- [Activity] Begin at the line bearing "Definition fgeo (v". Transcribe it and all subsequent lines of the material below exactly, and nothing more.

──────────────────────────────

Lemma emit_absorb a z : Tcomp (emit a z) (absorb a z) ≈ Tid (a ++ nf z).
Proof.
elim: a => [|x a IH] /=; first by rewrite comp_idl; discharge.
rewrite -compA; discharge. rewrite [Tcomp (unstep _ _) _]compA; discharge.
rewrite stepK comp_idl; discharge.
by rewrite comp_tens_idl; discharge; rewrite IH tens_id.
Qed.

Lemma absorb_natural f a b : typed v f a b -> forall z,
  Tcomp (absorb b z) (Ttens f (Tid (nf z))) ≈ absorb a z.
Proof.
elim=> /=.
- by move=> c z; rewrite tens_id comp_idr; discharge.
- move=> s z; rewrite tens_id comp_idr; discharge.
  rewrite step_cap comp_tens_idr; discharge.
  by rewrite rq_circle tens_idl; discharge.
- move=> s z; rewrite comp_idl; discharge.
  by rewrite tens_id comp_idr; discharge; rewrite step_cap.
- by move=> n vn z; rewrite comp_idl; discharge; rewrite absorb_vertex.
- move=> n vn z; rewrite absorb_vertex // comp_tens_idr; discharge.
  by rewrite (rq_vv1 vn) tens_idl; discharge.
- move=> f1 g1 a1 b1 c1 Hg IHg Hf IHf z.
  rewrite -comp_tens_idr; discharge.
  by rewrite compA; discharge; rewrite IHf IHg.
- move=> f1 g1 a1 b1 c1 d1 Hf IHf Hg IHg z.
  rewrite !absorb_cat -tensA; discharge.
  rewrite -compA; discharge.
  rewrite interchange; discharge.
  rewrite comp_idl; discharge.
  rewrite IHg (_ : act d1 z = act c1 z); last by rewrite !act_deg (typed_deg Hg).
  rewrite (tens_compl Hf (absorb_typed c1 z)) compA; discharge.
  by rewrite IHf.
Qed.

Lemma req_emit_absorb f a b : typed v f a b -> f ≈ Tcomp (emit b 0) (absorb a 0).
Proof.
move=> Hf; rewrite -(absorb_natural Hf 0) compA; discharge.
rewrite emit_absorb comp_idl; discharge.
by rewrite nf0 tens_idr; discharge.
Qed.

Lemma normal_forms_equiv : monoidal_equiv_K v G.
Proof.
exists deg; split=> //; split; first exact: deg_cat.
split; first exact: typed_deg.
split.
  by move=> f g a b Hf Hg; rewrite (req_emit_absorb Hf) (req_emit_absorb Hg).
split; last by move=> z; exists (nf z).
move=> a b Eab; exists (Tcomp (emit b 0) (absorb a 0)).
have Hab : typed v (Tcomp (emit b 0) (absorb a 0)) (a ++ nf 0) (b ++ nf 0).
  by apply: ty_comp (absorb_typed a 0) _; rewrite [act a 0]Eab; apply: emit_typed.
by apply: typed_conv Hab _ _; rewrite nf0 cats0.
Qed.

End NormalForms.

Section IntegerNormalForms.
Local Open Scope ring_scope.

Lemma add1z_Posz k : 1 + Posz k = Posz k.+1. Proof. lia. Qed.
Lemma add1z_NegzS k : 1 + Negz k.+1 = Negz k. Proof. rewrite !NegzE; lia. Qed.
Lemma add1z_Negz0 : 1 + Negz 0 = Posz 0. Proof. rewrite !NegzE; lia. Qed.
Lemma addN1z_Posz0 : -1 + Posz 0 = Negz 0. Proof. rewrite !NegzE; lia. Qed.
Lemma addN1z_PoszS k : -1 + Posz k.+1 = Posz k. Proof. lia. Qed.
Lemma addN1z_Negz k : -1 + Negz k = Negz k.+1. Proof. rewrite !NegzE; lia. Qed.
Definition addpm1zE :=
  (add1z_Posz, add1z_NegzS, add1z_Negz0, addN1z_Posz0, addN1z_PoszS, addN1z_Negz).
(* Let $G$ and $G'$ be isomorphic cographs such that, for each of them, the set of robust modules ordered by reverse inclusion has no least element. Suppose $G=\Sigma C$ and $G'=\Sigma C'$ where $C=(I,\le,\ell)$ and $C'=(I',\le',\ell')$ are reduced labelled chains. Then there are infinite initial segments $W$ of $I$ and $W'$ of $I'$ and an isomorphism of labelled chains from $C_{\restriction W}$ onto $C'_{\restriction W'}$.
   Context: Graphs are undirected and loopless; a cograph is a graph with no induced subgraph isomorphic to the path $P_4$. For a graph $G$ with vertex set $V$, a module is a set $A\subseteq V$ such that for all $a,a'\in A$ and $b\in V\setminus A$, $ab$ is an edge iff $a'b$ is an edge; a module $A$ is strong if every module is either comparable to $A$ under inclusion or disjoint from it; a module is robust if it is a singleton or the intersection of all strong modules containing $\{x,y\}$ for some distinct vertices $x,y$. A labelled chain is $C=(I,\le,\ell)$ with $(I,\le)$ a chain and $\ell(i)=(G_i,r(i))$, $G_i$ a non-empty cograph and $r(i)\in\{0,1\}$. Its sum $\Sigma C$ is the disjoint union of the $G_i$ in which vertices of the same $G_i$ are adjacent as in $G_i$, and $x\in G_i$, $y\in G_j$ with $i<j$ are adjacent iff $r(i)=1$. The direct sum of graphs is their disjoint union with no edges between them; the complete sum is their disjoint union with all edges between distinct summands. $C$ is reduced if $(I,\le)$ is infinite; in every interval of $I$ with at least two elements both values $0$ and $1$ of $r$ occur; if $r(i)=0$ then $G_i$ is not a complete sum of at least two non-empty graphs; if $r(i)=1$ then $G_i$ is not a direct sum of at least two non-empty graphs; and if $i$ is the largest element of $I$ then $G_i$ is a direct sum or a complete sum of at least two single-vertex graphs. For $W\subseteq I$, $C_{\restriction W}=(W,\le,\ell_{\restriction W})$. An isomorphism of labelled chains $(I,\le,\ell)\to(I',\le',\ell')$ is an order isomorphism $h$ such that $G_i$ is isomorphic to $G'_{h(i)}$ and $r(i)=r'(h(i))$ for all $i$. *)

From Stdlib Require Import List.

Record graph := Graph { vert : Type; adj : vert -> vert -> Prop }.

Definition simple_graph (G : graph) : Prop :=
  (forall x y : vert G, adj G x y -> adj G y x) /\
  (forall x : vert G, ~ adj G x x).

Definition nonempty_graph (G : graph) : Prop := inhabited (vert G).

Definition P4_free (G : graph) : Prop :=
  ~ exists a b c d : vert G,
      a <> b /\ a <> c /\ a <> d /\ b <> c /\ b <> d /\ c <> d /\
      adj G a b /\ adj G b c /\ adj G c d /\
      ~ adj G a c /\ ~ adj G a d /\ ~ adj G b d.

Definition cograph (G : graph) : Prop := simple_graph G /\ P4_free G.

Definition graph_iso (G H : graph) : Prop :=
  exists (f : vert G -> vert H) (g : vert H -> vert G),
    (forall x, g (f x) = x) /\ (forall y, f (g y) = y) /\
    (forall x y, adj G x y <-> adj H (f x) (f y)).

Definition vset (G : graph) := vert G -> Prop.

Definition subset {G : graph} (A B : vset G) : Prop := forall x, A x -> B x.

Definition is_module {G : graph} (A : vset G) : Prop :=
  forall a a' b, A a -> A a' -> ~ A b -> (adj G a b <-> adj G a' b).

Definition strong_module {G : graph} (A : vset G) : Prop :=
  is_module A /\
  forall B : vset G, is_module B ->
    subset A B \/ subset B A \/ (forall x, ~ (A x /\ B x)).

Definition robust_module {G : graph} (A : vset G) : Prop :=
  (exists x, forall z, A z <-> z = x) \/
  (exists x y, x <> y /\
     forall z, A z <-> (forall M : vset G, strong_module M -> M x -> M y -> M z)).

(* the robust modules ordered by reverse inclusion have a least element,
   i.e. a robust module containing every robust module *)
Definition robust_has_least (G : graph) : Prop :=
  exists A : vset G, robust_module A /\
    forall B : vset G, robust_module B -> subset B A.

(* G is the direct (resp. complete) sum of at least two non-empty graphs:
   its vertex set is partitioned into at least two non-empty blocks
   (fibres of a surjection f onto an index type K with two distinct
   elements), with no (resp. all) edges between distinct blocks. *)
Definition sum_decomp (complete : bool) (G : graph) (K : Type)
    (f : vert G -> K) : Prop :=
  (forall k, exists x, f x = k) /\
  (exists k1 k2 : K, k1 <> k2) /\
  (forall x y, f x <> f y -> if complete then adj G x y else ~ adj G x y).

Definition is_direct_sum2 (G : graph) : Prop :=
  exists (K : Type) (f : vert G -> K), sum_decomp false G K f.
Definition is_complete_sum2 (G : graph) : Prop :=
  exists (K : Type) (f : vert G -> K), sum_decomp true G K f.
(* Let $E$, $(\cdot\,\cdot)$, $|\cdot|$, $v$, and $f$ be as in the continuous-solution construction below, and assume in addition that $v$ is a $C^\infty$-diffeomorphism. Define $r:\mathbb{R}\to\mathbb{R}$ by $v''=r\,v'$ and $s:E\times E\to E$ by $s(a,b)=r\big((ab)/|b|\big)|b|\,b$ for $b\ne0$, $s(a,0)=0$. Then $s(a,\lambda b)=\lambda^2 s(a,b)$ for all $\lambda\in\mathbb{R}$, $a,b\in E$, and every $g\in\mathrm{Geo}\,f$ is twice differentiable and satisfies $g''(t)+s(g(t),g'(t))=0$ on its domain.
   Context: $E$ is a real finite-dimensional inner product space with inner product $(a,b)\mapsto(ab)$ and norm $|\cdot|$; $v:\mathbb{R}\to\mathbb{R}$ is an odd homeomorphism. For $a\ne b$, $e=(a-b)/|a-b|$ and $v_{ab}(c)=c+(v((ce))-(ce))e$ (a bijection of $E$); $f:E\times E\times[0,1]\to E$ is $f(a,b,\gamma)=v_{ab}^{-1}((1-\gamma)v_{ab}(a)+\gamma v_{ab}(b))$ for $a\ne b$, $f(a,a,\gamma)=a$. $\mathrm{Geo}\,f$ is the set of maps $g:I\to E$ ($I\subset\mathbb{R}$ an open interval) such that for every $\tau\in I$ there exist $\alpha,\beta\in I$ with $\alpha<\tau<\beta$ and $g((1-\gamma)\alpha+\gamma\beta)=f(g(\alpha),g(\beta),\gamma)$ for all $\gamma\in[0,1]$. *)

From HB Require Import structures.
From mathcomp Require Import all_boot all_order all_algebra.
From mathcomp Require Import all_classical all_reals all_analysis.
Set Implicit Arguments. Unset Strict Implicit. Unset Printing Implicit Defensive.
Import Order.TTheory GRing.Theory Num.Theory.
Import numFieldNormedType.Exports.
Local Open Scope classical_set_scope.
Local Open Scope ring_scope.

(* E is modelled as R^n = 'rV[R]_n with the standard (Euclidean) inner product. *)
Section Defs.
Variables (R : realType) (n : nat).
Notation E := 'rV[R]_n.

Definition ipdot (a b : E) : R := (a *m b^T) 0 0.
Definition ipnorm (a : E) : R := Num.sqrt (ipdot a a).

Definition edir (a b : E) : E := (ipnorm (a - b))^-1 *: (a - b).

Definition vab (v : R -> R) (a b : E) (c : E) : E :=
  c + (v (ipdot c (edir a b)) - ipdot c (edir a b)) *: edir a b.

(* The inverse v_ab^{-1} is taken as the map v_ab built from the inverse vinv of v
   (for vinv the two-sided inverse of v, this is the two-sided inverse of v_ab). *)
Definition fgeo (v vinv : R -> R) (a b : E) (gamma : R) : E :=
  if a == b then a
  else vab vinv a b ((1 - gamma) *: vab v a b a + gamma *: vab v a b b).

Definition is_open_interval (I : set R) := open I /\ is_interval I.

──────────────────────────────

- [Response to this exercise]
Definition fgeo (v vinv : R -> R) (a b : E) (gamma : R) : E :=
  if a == b then a
  else vab vinv a b ((1 - gamma) *: vab v a b a + gamma *: vab v a b b).

Definition is_open_interval (I : set R) := open I /\ is_interval I.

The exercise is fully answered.